==== PROVIDED DATA ====
(* Let $\mathcal{X}$ be a class of abelian groups with $\mathcal{B}\subseteq\mathcal{X}\subseteq\mathcal{H}$. Then $\mathcal{X}^s=\mathcal{B}^s$, i.e., a group $G$ is in $\mathcal{X}^s$ if and only if $G$ is super Bassian. In particular, a group is super Hopfian if and only if it is super Bassian.
   Context: All groups are abelian; a class is closed under isomorphism. $\mathcal{B}$: Bassian groups ($G$ Bassian iff there is no nonzero $H\le G$ with an injective homomorphism $G\to G/H$). $\mathcal{H}$: Hopfian groups ($G\not\cong G/H$ for every nonzero subgroup $H$). For a class $\mathcal{X}$, $\mathcal{X}^s=\{G\in\mathcal{X}:\text{every epimorphic image of }G\text{ is in }\mathcal{X}\}$; super Bassian means in $\mathcal{B}^s$, super Hopfian means in $\mathcal{H}^s$. *)

From HB Require Import structures.
From mathcomp Require Import all_boot all_algebra.
Set Implicit Arguments. Unset Strict Implicit. Unset Printing Implicit Defensive.
Import GRing.Theory.
Local Open Scope ring_scope.

Definition surj (A B : Type) (f : A -> B) : Prop := forall y, exists x, f x = y.

Definition iso_grp (G H : zmodType) : Prop :=
  exists f : {additive G -> H}, bijective f.

Definition iso_closed (X : zmodType -> Prop) : Prop :=
  forall G H : zmodType, iso_grp G H -> X G -> X H.

Definition epi_image (G Q : zmodType) : Prop :=
  exists p : {additive G -> Q}, surj p.

(* A quotient G/H with H a nonzero subgroup is represented (up to isomorphism)
   by a surjective homomorphism p : G -> Q with nonzero kernel, i.e. p not
   injective (Q ~ G / ker p). *)

Definition Bassian (G : zmodType) : Prop :=
  forall (Q : zmodType) (p : {additive G -> Q}), surj p -> ~ injective p ->
    ~ exists f : {additive G -> Q}, injective f.

Definition Hopfian (G : zmodType) : Prop :=
  forall (Q : zmodType) (p : {additive G -> Q}), surj p -> ~ injective p ->
    ~ iso_grp G Q.

Definition super (X : zmodType -> Prop) (G : zmodType) : Prop :=
  X G /\ forall Q : zmodType, epi_image G Q -> X Q.

From HB Require Import structures.
From mathcomp Require Import all_boot all_algebra.
From mathcomp Require Import generic_quotient ring_quotient.
From mathcomp Require Import boolp classical_sets.
Set Implicit Arguments. Unset Strict Implicit. Unset Printing Implicit Defensive.
Import GRing.Theory.
Local Open Scope ring_scope.

(* Since Bassian groups are Hopfian, everything reduces to: if every epimorphic
   image of G is Hopfian, then G is Bassian.  Let p : G ->> Q have a nonzero
   kernel and f : G -> Q be injective.  Lifting along p^-1 f from some
   0 != h in ker p gives a_0 = h, p a_(k+1) = f a_k.  If h has infinite order
   the a_k are independent and their images in G / 2<a_k> differ by elements of
   order 2; if ker p is torsion we may take h of prime order q, and then every
   a_k - a_j has a nonzero multiple of order q.  In both cases, factoring out a
   subgroup maximal with respect to meeting the q-socle trivially leaves an
   infinite q-group in which the a_k stay distinct.  An infinite q-group Q has
   a non-Hopfian image: if Q = T + qQ for a finitely generated, hence finite,
   T then Q/T is a nonzero q-divisible q-group, on which multiplication by q
   is onto but not injective; otherwise Q maps onto the F_q-space F_q[X],
   on which dropping the constant term is onto but not injective. *)

Definition is_subgroup (G : zmodType) (S : G -> Prop) :=
  S 0 /\ forall x y, S x -> S y -> S (x - y).

Section Subgroup.
Variables (G : zmodType) (S : G -> Prop).
Hypothesis subS : is_subgroup S.

Lemma subgroup0 : S 0. Proof. by case: subS. Qed.

Lemma subgroupB x y : S x -> S y -> S (x - y). Proof. by case: subS => _; apply. Qed.

Lemma subgroupN x : S x -> S (- x).
Proof. by move=> Sx; rewrite -sub0r; apply: subgroupB => //; apply: subgroup0. Qed.

Lemma subgroupD x y : S x -> S y -> S (x + y).
Proof. by move=> Sx Sy; rewrite -[y]opprK; apply/subgroupB/subgroupN. Qed.

Lemma subgroupMn x n : S x -> S (x *+ n).
Proof.
move=> Sx; elim: n => [|n IH]; first by rewrite mulr0n; apply: subgroup0.
by rewrite mulrS; apply: subgroupD.
Qed.

Lemma subgroupMz x k : S x -> S (x *~ k).
Proof.
case: k => n Sx; first by rewrite -pmulrn; apply: subgroupMn.
by rewrite NegzE mulrNz -pmulrn; apply/subgroupN/subgroupMn.
Qed.

Lemma subgroup_absz x k : S (x *~ k) -> S (x *+ `|k|%N).
Proof.
case: k => n; first by rewrite -pmulrn.
by rewrite NegzE mulrNz -pmulrn => /subgroupN; rewrite opprK.
Qed.

Definition subgroup_pred : {pred G} := fun x => `[< S x >].
Theorem mainTheorem1 (R : realType) (X : Type) (d : X -> X -> R) (I : Type)
  (C D : R) :
  is_metric d ->
  has_density_character d I ->
  (1 <= C)%R -> (0 <= D)%R ->
  (forall r : R, (0 <= r)%R -> Delta_c d r <= (C * r + D)%:E) ->
  (forall lam K L : R, (0 < lam)%R -> (2 * (C + lam) < K)%R ->
     ((C + lam) * D / lam < L)%R ->
     exists f : X -> I -> R,
       (forall x, c0plus (f x)) /\ coarse_lipschitz_embedding d f /\
       forall x y, (d x y - L)%:E <= supnorm (f x - f y)%R /\
                   supnorm (f x - f y)%R <= (K * d x y)%:E) /\
  (D = 0%R -> forall lam K : R, (0 < lam)%R -> (2 * (C + lam) < K)%R ->
     exists f : X -> I -> R,
       (forall x, c0plus (f x)) /\ coarse_lipschitz_embedding d f /\
       forall x y, (d x y)%:E <= supnorm (f x - f y)%R /\
                   supnorm (f x - f y)%R <= (K * d x y)%:E).
Proof.
move=> dm dI C1 D0 HD; split=> [lam K L lam0 KC LD | D00 lam K lam0 KC].
  have KC' : (2 * C < K)%R by lra.
  have DL : (D <= L)%R.
    by apply: le_trans (ltW LD); rewrite ler_pdivlMr // mulrC ler_wpM2r //; lra.
  have [f [fc0 fb]] := c0plus_embedding dm dI C1 D0 HD KC' DL.
  exists f; split=> //; split=> //.
  by apply: coarse_lipschitz_embedding_of_bounds fb; lra.
have KC' : (2 * C < K)%R by lra.
have D_le0 : (D <= 0)%R by rewrite D00.
have [f [fc0 fb]] := c0plus_embedding dm dI C1 D0 HD KC' D_le0.
exists f; split=> //; split=> [|x y].
  by apply: coarse_lipschitz_embedding_of_bounds fb; lra.
by have := fb x y; rewrite subr0.
Qed.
====
TASK STATEMENT >>
Search the listing for "subgroupB" and show every line where it occurs.

YOUR RESPONSE >>
Lemma subgroupB x y : S x -> S y -> S (x - y). Proof. by case: subS => _; apply. Qed.
Proof. by move=> Sx; rewrite -sub0r; apply: subgroupB => //; apply: subgroup0. Qed.
Proof. by move=> Sx Sy; rewrite -[y]opprK; apply/subgroupB/subgroupN. Qed.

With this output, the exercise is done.